Readings on core inflation have improved modestly this year, but recent increases in energy and commodity prices, among other factors, may put renewed upward pressure on inflation. In this context, the Committee judges that some inflation risks remain, and it will continue to monitor inflation developments carefully.

The Committee judges that, after this action, the upside risks to inflation roughly balance the downside risks to growth. The Committee will continue to assess the effects of financial and other developments on economic prospects and will act as needed to foster price stability and sustainable economic growth.

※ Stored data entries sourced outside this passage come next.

Lemma H_sqc_strictly_quasiconvex x : strictly_quasiconvex (H x).
Proof.
move=> lo mid hi hm; have [_ [_ [_ [_ [qc _]]]]] := Hsqc.
set t := (hi - mid) / (hi - lo).
have t01 : 0 < t < 1.
  by rewrite /t; split; [apply: Rdiv_lt_0_compat|apply/Rlt_div_l]; lra.
have -> : mid = t * lo + (1 - t) * hi by rewrite /t; field; lra.
by apply: qc => //; lra.
Qed.

Lemma H_sqc_jointly_continuous : 1 <= gamma -> jointly_continuous H.
Proof.
move=> gamma1 x0 p0 eps e0; have [_ [_ [H2 [H3 _]]]] := Hsqc.
set C := Rabs alpha1 * (rpow (2 * Rabs p0 + 2) (gamma - 1) + rpow (Rabs p0) gamma + 1) + 1.
have C1 : 1 <= C.
  have := Rabs_pos alpha1; have := rpow_ge0 (2 * Rabs p0 + 2) (gamma - 1).
  have := rpow_ge0 (Rabs p0) gamma; rewrite /C; nra.
exists (Rmin 1 (eps / (2 * C))); split.
  by apply: Rmin_glb_lt; [lra|apply: Rdiv_lt_0_compat; lra].
move=> z q hz hq.
have d1 := Rmin_l 1 (eps / (2 * C)); have d2 := Rmin_r 1 (eps / (2 * C)).
have Cd : 2 * C * Rmin 1 (eps / (2 * C)) <= eps.
  by rewrite Rmult_comm; apply/Rle_div_r; lra.
have near_p0 : rpow (Rabs q + Rabs p0 + 1) (gamma - 1) <= rpow (2 * Rabs p0 + 2) (gamma - 1).
  apply: rpow_le; first lra; first by have := Rabs_pos q; have := Rabs_pos p0; lra.
  by have := Rabs_triang_inv q p0; lra.
have step_p : Rabs (H z q - H z p0) <= C * Rabs (q - p0).
  apply: (Rle_trans _ _ _ (H2 z q p0)); apply: Rmult_le_compat_r; first exact: Rabs_pos.
  have := Rle_abs alpha1; have := Rabs_pos alpha1; have := rpow_ge0 (Rabs p0) gamma.
  have := rpow_ge0 (Rabs q + Rabs p0 + 1) (gamma - 1); rewrite /C; nra.
have step_x : Rabs (H z p0 - H x0 p0) <= C * Rabs (z - x0).
  apply: (Rle_trans _ _ _ (H3 z x0 p0)); apply: Rmult_le_compat_r; first exact: Rabs_pos.
  have := Rle_abs alpha1; have := Rabs_pos alpha1; have := rpow_ge0 (Rabs p0) gamma.
  have := rpow_ge0 (2 * Rabs p0 + 2) (gamma - 1); rewrite /C; nra.
have := Rabs_triang (H z q - H z p0) (H z p0 - H x0 p0).
rewrite (_ : H z q - H z p0 + (H z p0 - H x0 p0) = H z q - H x0 p0); last ring.
by have := Rabs_pos (q - p0); have := Rabs_pos (z - x0); nra.
Qed.

Lemma H_sqc_sublevel_bounded lam : 1 <= gamma ->
  forall x q, H x q <= lam -> Rabs q <= Rmax 1 ((lam + 1 / alpha0) / alpha0).
Proof.
move=> gamma1 x q hq; have [alpha0_pos [H1 _]] := Hsqc.
case: (Rle_lt_dec (Rabs q) 1) => q1; first exact: Rle_trans q1 (Rmax_l _ _).
apply: Rle_trans (Rmax_r _ _); apply/Rle_div_r => //.
have := rpow_ge_base (Rabs q) gamma ltac:(lra) gamma1.
by have [H1q _] := H1 x q; nra.
Qed.

Lemma H_sqc_sublevel_nonempty (a : R -> R) (lam : R) :
  Rbar_lt (sup_hat_lambda_zero a H) (Finite lam) ->
  forall x, a x = 0 -> exists q, H x q < lam.
Proof.
move=> hsup x ax; have [_ [_ [_ [_ [_ [phat [Hmin _]]]]]]] := Hsqc.
exists (phat x).
have hat_lambdaE : hat_lambda H x = H x (phat x).
  rewrite /hat_lambda (is_glb_Rbar_unique _ (H x (phat x))) //.
  by split=> [_ [p ->]|b hb]; [exact: Hmin|apply: hb; exists (phat x)].
have [ub _] := Lub_Rbar_correct (fun v => exists x, a x = 0 /\ v = hat_lambda H x).
have := ub (hat_lambda H x) (ex_intro _ x (conj ax erefl)).
move: hsup; rewrite /sup_hat_lambda_zero hat_lambdaE.
by case: (Lub_Rbar _) => [r||] //= h1 h2; lra.
Qed.
End HsqcConsequences.

Section Extension.
Variables (a : R -> R) (kappa : R) (H : R -> R -> R) (lam M B : R) (f : R -> R).
Hypotheses (a_ge0 : forall x, 0 <= a x) (a_lip : sqrt_lipschitz a kappa).
Hypotheses (H_cont : jointly_continuous H) (H_qc : forall x, strictly_quasiconvex (H x))
  (H_coercive : forall x q, H x q <= lam -> Rabs q <= B)
  (H_zero : forall x, a x = 0 -> exists q, H x q < lam).
Hypotheses (f_C1 : C1_on_A a f) (f_bound : forall x, 0 < a x -> Rabs (f x) <= M).

Lemma extend_f_pos x : 0 < a x -> extend_f a H lam f x = f x.
Proof. by rewrite /extend_f; case: Rlt_dec. Qed.

Lemma extend_f_zero x : a x = 0 -> extend_f a H lam f x = p_plus H lam x.
Proof. by move=> ax; rewrite /extend_f; case: Rlt_dec => // h; exfalso; lra. Qed.

Lemma extend_f_sublevel x : a x = 0 -> H x (extend_f a H lam f x) <= lam.
Proof.
move=> ax; have [q /Rlt_le hq] := H_zero x ax.
by rewrite extend_f_zero //; exact: (p_plus_sublevel _ _ _ H_cont H_coercive hq).
Qed.

Lemma extend_f_bound x : Rabs (extend_f a H lam f x) <= Rmax M B.
Proof.
case: (Rle_lt_or_eq_dec _ _ (a_ge0 x)) => [ax|/esym ax].
  by rewrite extend_f_pos //; exact: Rle_trans (f_bound x ax) (Rmax_l _ _).
have [q /Rlt_le hq] := H_zero x ax.
by rewrite extend_f_zero //; exact: Rle_trans (p_plus_abs_le _ _ _ H_coercive hq) (Rmax_r _ _).
Qed.
Lemma sat2_padded_sentence (S : eqType) s t k (L : pred (seq 'I_s.+1))
    (psi : 'I_s -> fo1 S t k) (v : seq (option S)) : 0 < k -> v != [::] ->
  sat2 L v (fun _ _ => false) (fun _ => 0) (padded_sentence psi) <->
  exists w, [/\ w != [::], qsat1 L psi w & v = pad k w].
Proof.
move=> k_gt0; rewrite -size_eq0 -lt0n => v_gt0.
set Q := F2Q (iota 0 t) (fun j => embed_fo1 s (psi j)).
have -> : sat2 L v (fun _ _ => false) (fun _ => 0) (padded_sentence psi) =
    has (fun a => [&& sat2 L v (fun _ _ => false) (upd (fun _ => 0) 0 a) (padding_shape S s),
                      sat2 L v (fun _ _ => false) (upd (fun _ => 0) 0 a) (padded_length _ s k)
                    & sat2 L v (fun _ _ => false) (upd (fun _ => 0) 0 a) Q]) (iota 0 (size v)).
  by apply: eq_has => a; rewrite andbA.
under eq_has do rewrite sat2_padding_shape sat2_padded_length //.
split.
- case/hasP => a; rewrite mem_iota => /andP[_ a_lt] /and3P[shape /eqP size_v sat_Q].
  have [w size_w def_v] : exists2 w, size w = a.+1 & v = map Some w ++ nseq (size v - a.+1) None.
    apply: padded_prefix => // y y_lt.
    by have := allP shape y; rewrite mem_iota y_lt => /(_ isT) /eqP.
  have def_v' : v = pad k w by rewrite /pad size_w size_v.
  exists w; split; first by rewrite -size_eq0 size_w.
  - by rewrite -sat2_embed_Q ?size_w // -def_v'.
  - exact: def_v'.
case=> w [w_nil sat_w ->]; have w_gt0 : 0 < size w by rewrite lt0n size_eq0.
apply/hasP; exists (size w).-1.
  by rewrite mem_iota size_pad // (leq_trans _ (leq_self_expn _ k_gt0)) // prednK.
rewrite prednK // size_pad // eqxx sat2_embed_Q // sat_w -(size_pad w k_gt0) !andbT.
by apply/allP => y; rewrite mem_iota => /andP[_ /nth_pad_None ->].
Qed.

Lemma wf2_horner (G : Type) s (fin : term -> fo2 G s) us acc d :
  (forall e, wf2 (fin e)) -> wf2 (fo2_horner fin us acc d).
Proof. by move=> wf_fin; elim: us acc d => //= u us IH acc d; rewrite IH. Qed.

Lemma wf2_embed_fo1 (S : Type) s t k (f : fo1 S t k) : wf2 (embed_fo1 s f).
Proof. by elim: f => //= *; rewrite ?wf2_horner // => *; apply/andP. Qed.

Lemma fsv2_horner (G : Type) s (fin : term -> fo2 G s) (P : pred nat) us acc d :
  (forall e, all P (fsv2 (fin e))) -> all P (fsv2 (fo2_horner fin us acc d)).
Proof. by move=> fsv_fin; elim: us acc d => //= u us IH acc d. Qed.

Lemma fsv2_embed_fo1 (S : Type) s t k (f : fo1 S t k) :
  all (fun X => X < t) (fsv2 (embed_fo1 s f)).
Proof.
elim: f => //= *; rewrite ?all_cat; try exact/andP.
by apply: fsv2_horner => e /=; rewrite ltn_ord.
Qed.

Lemma fv2_horner (G : Type) s (fin : term -> fo2 G s) :
    (forall e, {subset fv2 (fin e) <= tvars e}) ->
  forall us acc d,
  {subset fv2 (fo2_horner fin us acc d) <= 0 :: tvars acc ++ flatten (map tvars us)}.
Proof.
move=> fv_fin; elim=> [|u us IH] acc d y /=; first by rewrite cats0 inE => /fv_fin ->; rewrite orbT.
have := IH (TVar (scratch_var d 3)) d.+1 y.
rewrite /= !scratch_var_eq /= !(inE, mem_filter, mem_cat).
case: (y \in fv2 _) => [/(_ isT)|_]; case: (y == 0); case: (y \in tvars acc);
  case: (y \in tvars u); case: (y \in flatten _); case: (y == scratch_var d 1);
  case: (y == scratch_var d 2); by case: (y == scratch_var d 3).
Qed.

Lemma subset_cons_cat (T : eqType) (x : T) (s1 s2 t1 t2 : seq T) :
  {subset s1 <= x :: t1} -> {subset s2 <= x :: t2} -> {subset s1 ++ s2 <= x :: t1 ++ t2}.
Proof.
move=> sub1 sub2 y; rewrite mem_cat => /orP[/sub1|/sub2];
  by rewrite !inE mem_cat => /orP[->|->]; rewrite ?orbT.
Qed.

Lemma fv2_embed_term u : {subset tvars (embed_term u) <= 0 :: map (fun x => x.*2.+1) (tvars u)}.
Proof. by case: u => [x||] y //=; rewrite !inE => ->; rewrite orbT. Qed.

Lemma fv2_embed_fo1 (S : Type) s t k (f : fo1 S t k) :
  {subset fv2 (embed_fo1 s f) <= 0 :: map (fun x => x.*2.+1) (fv1 f)}.
Proof.
elim: f => [u1 u2|u1 u2|a u|i us|g IH|g IHg h IHh|g IHg h IHh|x g IH|x g IH] /=;
  rewrite ?map_cat; try by apply: subset_cons_cat; apply: fv2_embed_term.
- exact: fv2_embed_term.
- move=> y /(@fv2_horner _ s (F2In i) (fun _ _ => id)).
  rewrite inE => /orP[/eqP->|]; rewrite ?mem_head //=.
  move: y; elim: (tval us) => //= u us' IHus; rewrite map_cat.
  exact: subset_cons_cat (@fv2_embed_term u) IHus.
- exact: IH.
- exact: subset_cons_cat.
- exact: subset_cons_cat.
all: rewrite eqxx => y; rewrite !inE mem_filter => /orP[->//|/andP[y_x /IH]].
all: rewrite inE => /orP[->//|/mapP[z z_g def_y]]; subst y; apply/orP; right.
all: by rewrite map_f // mem_filter z_g andbT; apply: contraNneq y_x => ->.
Qed.

Lemma wf2_padded_sentence (S : Type) s t k (psi : 'I_s -> fo1 S t k) :
  0 < t -> wf2 (padded_sentence psi).
Proof.
move=> t_gt0; rewrite /= wf2_horner // size_iota t_gt0 iota_uniq /=.
by apply/allP => j _; apply: wf2_embed_fo1.
Qed.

Voting for the FOMC monetary policy action were: Ben S. Bernanke, Chairman; Timothy F. Geithner, Vice Chairman; Charles L. Evans; Donald L. Kohn; Randall S. Kroszner; Frederic S. Mishkin; William Poole; Eric S. Rosengren; and Kevin M. Warsh. Voting against was Thomas M. Hoenig, who preferred no change in the federal funds rate at this meeting.

In a related action, the Board of Governors unanimously approved a 25-basis-point decrease in the discount rate to 5 percent. In taking this action, the Board approved the requests submitted by the Boards of Directors of the Federal Reserve Banks of New York, Richmond, Atlanta, Chicago, St. Louis, and San Francisco.

So what should we looking for this time? Well, this is all about whether the Fed is on the same page as the market.

Note the 1st paragraph last time around. The comment about "strains in financial markets have eased somewhat on balance" has got to go. Clearly the financial markets are as bad, if not worse that last August. The LIBOR and the commercial paper markets are under tremendous pressure. A realization by the Fed that more work needs to be done here will be important.

Secondly, the third paragraph is out of step with what the market thinks. The wording that "The Committee judges that, after this action, the upside risks to inflation roughly balance the downside risks to growth" may sound good to inflation hawks, but it signals to most that the Fed is behind the curve. Balance? What Balance? The mortgage market is frozen. The risk of recession is serious enough that the market will want the Fed to address the wording to suggest that further easing is very possible to generate growth and stabilize the financial market.

The message is everything. The first move at 2:15 pm may easily be a head fake. It is often about folks that are looking at the headline (25 basis points or 50 basis points). The market will move with the wording and that takes a moment to understand.